Jeremy Siegel, a finance professor at the Wharton School of the University of Pennsylvania and senior investment advisor with Wisdom Tree Funds, offers his 2016 forecast in an interview appearing in Advisor Perspectives. Commenting on the current situation, he noted: “I have never seen a shortfall of earnings relative to estimates as sharp as we had this year. We had a total collapse in earnings.” Pointing to the energy sector he said: “no one thought oil would go down so far,” observing that “the S&P is not just a U.S. Index” because of “40% to 45% of its profits earned abroad.”

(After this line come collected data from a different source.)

(* Let $b,n,c$ be positive integers with $2\leqslant 2b\leqslant n$, and let $\Gamma$ be an abelian group of order $2nbc$. If $\Gamma$ contains an element of order $n$, then there exists a diagonal $\mathrm{MRS}_\Gamma(n;2b;c)$. In particular, this holds if $n$ divides the exponent of $\Gamma$.
   Context: For positive integers $m,n,s,k,c$ and an abelian group $\Gamma$ of order $nkc$, an $\mathrm{MRS}_\Gamma(m,n;s,k;c)$ is a set of $c$ partially filled $m\times n$ arrays (some cells may be empty) with entries in $\Gamma$ such that: every element of $\Gamma$ appears exactly once and in a unique array; in every array each row contains exactly $s$ filled cells and each column contains exactly $k$ filled cells; and there exist $\omega,\delta\in\Gamma$ such that in every array each row sum is $\omega$ and each column sum is $\delta$. $\mathrm{MRS}_\Gamma(n;k;c)$ denotes $\mathrm{MRS}_\Gamma(n,n;k,k;c)$. In an $n\times n$ array, for $0\leqslant \ell\leqslant n-1$ the diagonal $D_\ell$ is the set of cells $(i,j)$ with $j-i\equiv \ell\pmod n$. An $\mathrm{MRS}_\Gamma(n;k;c)$ is diagonal if, in each of its arrays, the filled cells are exactly the cells of $k$ consecutive diagonals $D_{t},\ldots,D_{t+k-1}$ (indices modulo $n$). *)

From mathcomp Require Import all_boot all_order all_fingroup all_solvable.
Set Implicit Arguments. Unset Strict Implicit. Unset Printing Implicit Defensive.
Import GroupScope.
Local Open Scope group_scope.

(* A (finite) abelian group Gamma is modelled as a finGroupType gT with
   [set: gT] abelian; the group law is written multiplicatively, so the
   "sum" of entries is the group product (order irrelevant by commutativity)
   and the neutral element is 1.

   A family of c partially filled m x n arrays with entries in gT is a map
   A : 'I_c -> 'I_m -> 'I_n -> option gT; None = empty cell. *)

Definition cell_val (gT : finGroupType) (x : option gT) : gT := odflt 1 x.

Definition is_MRS (gT : finGroupType) (m n s k c : nat)
    (A : 'I_c -> 'I_m -> 'I_n -> option gT) : Prop :=
  (forall g : gT,
      #|[set t : 'I_c * 'I_m * 'I_n | A t.1.1 t.1.2 t.2 == Some g]| = 1%N)
  /\ (forall (a : 'I_c) (i : 'I_m), #|[set j : 'I_n | A a i j != None]| = s)
  /\ (forall (a : 'I_c) (j : 'I_n), #|[set i : 'I_m | A a i j != None]| = k)
  /\ (exists omega delta : gT,
        (forall (a : 'I_c) (i : 'I_m), \prod_(j < n) cell_val (A a i j) = omega)
        /\ (forall (a : 'I_c) (j : 'I_n), \prod_(i < m) cell_val (A a i j) = delta)).

(* Diagonal D_l = cells (i,j) with j - i = l (mod n).  The filled cells of
   array a are exactly those of D_t, ..., D_{t+k-1} (indices mod n), i.e.
   j = i + t + l (mod n) for some 0 <= l < k. *)
Definition is_diagonal_filling (gT : finGroupType) (n k c : nat)
    (A : 'I_c -> 'I_n -> 'I_n -> option gT) : Prop :=
  forall a : 'I_c, exists t : 'I_n, forall i j : 'I_n,
    (A a i j != None) = [exists l : 'I_k, (i + t + l) %% n == j :> nat].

Looking forward, Siegel suggested that the S&P might reach 2,300 by the end of 2016 “if we get an earnings recovery.” He elaborated: “in the low-interest-rate environment we are in, a [PE] multiple of 18 to 20 could be considered a fair market value. If you apply that multiple to an earnings bounce back you get 2,300 for 2016 on the S&P.” He uses operating earnings, which are “extremely conservative” and thus “much lower” than reported earnings, in discussing the 18-20 times earnings multiple. He also believes we will “have permanently lower [interest] rates.” To summarize, he stated that “the major driver of equity prices will be a bounce back in earnings. If we don’t see a bounce back in earnings, we are not going to have a good year in stocks.”

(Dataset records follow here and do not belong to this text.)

(* Let $\Omega=\{(u,v)\in\mathbb R^2: 0<u<2^{1/3},\ v>0\}$ and let $I\ni t\mapsto(u(t),v(t))\in\Omega$ be the maximal solution of $$u'=\frac23\,\frac{2-u^3}{u^3v^3},\qquad v'=-\frac23\,\frac{1-2u^3}{u^4v^2},\qquad u(0)=v(0)=1.$$ Then this solution parametrizes the whole curve $v=1/\sqrt{u(2-u^3)}$, $0<u<2^{1/3}$; its existence interval is $I=(t_{min},+\infty)$ with $$t_{min}=-\frac32\int_0^1\frac{x^{3/2}}{(2-x^3)^{5/2}}\,dx,$$ and $\lim_{t\to t_{min}}u(t)=0$, $\lim_{t\to t_{min}}v(t)=+\infty$, $\lim_{t\to+\infty}u(t)=2^{1/3}$, $\lim_{t\to+\infty}v(t)=+\infty$. *)

From Stdlib Require Import Reals Lra.
From Coquelicot Require Import Coquelicot.
Open Scope R_scope.

Definition in_I (a b : Rbar) (t : R) : Prop := Rbar_lt a t /\ Rbar_lt t b.

Definition cbrt2 : R := Rpower 2 (1/3).

Definition F1 (u v : R) : R := 2/3 * ((2 - u^3) / (u^3 * v^3)).
Definition F2 (u v : R) : R := - (2/3) * ((1 - 2 * u^3) / (u^4 * v^2)).

Definition is_sol (a b : Rbar) (u v : R -> R) : Prop :=
  Rbar_lt a (Finite 0) /\ Rbar_lt (Finite 0) b /\ u 0 = 1 /\ v 0 = 1 /\
  forall t, in_I a b t ->
    (0 < u t < cbrt2 /\ 0 < v t) /\
    is_derive u t (F1 (u t) (v t)) /\ is_derive v t (F2 (u t) (v t)).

Siegel said: “I am not worried about inflation next year,” but noted there may be “some price pressures . . . on the wage front.” He expressed concern about the labor participation rate as well and cited “tightening in the labor market” as a potential concern, along with “the very distressing productivity collapse that we’ve seen.”

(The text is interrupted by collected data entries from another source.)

Theorem theorem7p1 (k : fieldType) (G : Type) (mul : G -> G -> G) (one : G)
  (inv : G -> G) (HG : is_group mul one inv)
  (n : nat) (rho : rel 'I_n) (Hrho : preorder_rel rho)
  (B : 'M[k]_n) (HB : B \in unitmx) (h h' : 'I_n -> G) :
  (graded_iso rho B mul h h' <-> same_orbit rho mul h h') /\
  (same_orbit rho mul h h' <->
     exists (psi : {set 'I_n} -> {perm 'I_n}) (g : {set 'I_n} -> {set 'I_n})
            (sigma : {set {set 'I_n}} -> G),
       Sfam rho psi /\ Aut0 rho g /\
       forall i : 'I_n,
         h' i = mul (h (psi (g (cls rho i)) (gtilde rho g i)))
                    (sigma (component rho i))).
Proof.
split; last exact: same_orbitE.
have orbit_perm : same_orbit rho mul h h' <-> exists t, graded_perm rho mul h h' t.
  split; first exact: graded_perm_of_same_orbit.
  by case=> t; apply: (same_orbit_of_graded_perm Hrho one (t := t)).
rewrite orbit_perm; split.
- by case/(incidence_iso_of_graded HB Hrho) => Phi /(graded_perm_of_incidence_iso Hrho HG).
- by case=> t /(incidence_iso_of_graded_perm HG k) [Phi] /(graded_iso_of_incidence HB Hrho).
Qed.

With regard to emerging markets, Siegel observed that he “was clearly too early” when he previously predicted that EMs would reward investors over the long-term, noting that “many of the emerging markets are tied to those raw materials” that have seen their prices plummet recently. “Commodities have likely gone down as much as they are going to because there is so much bearishness in this area,” he opined, continuing “three to five years out that sector is going to be rewarding” because “we don’t need oil prices to go all the way back up; we just need them to stabilize to give value to many of these stocks.” While he observed that “a lot of the weakness is driven by China,” Siegel also pointed out that it’s current 3% growth rate “is still twice the U.S. level and three times the European level.”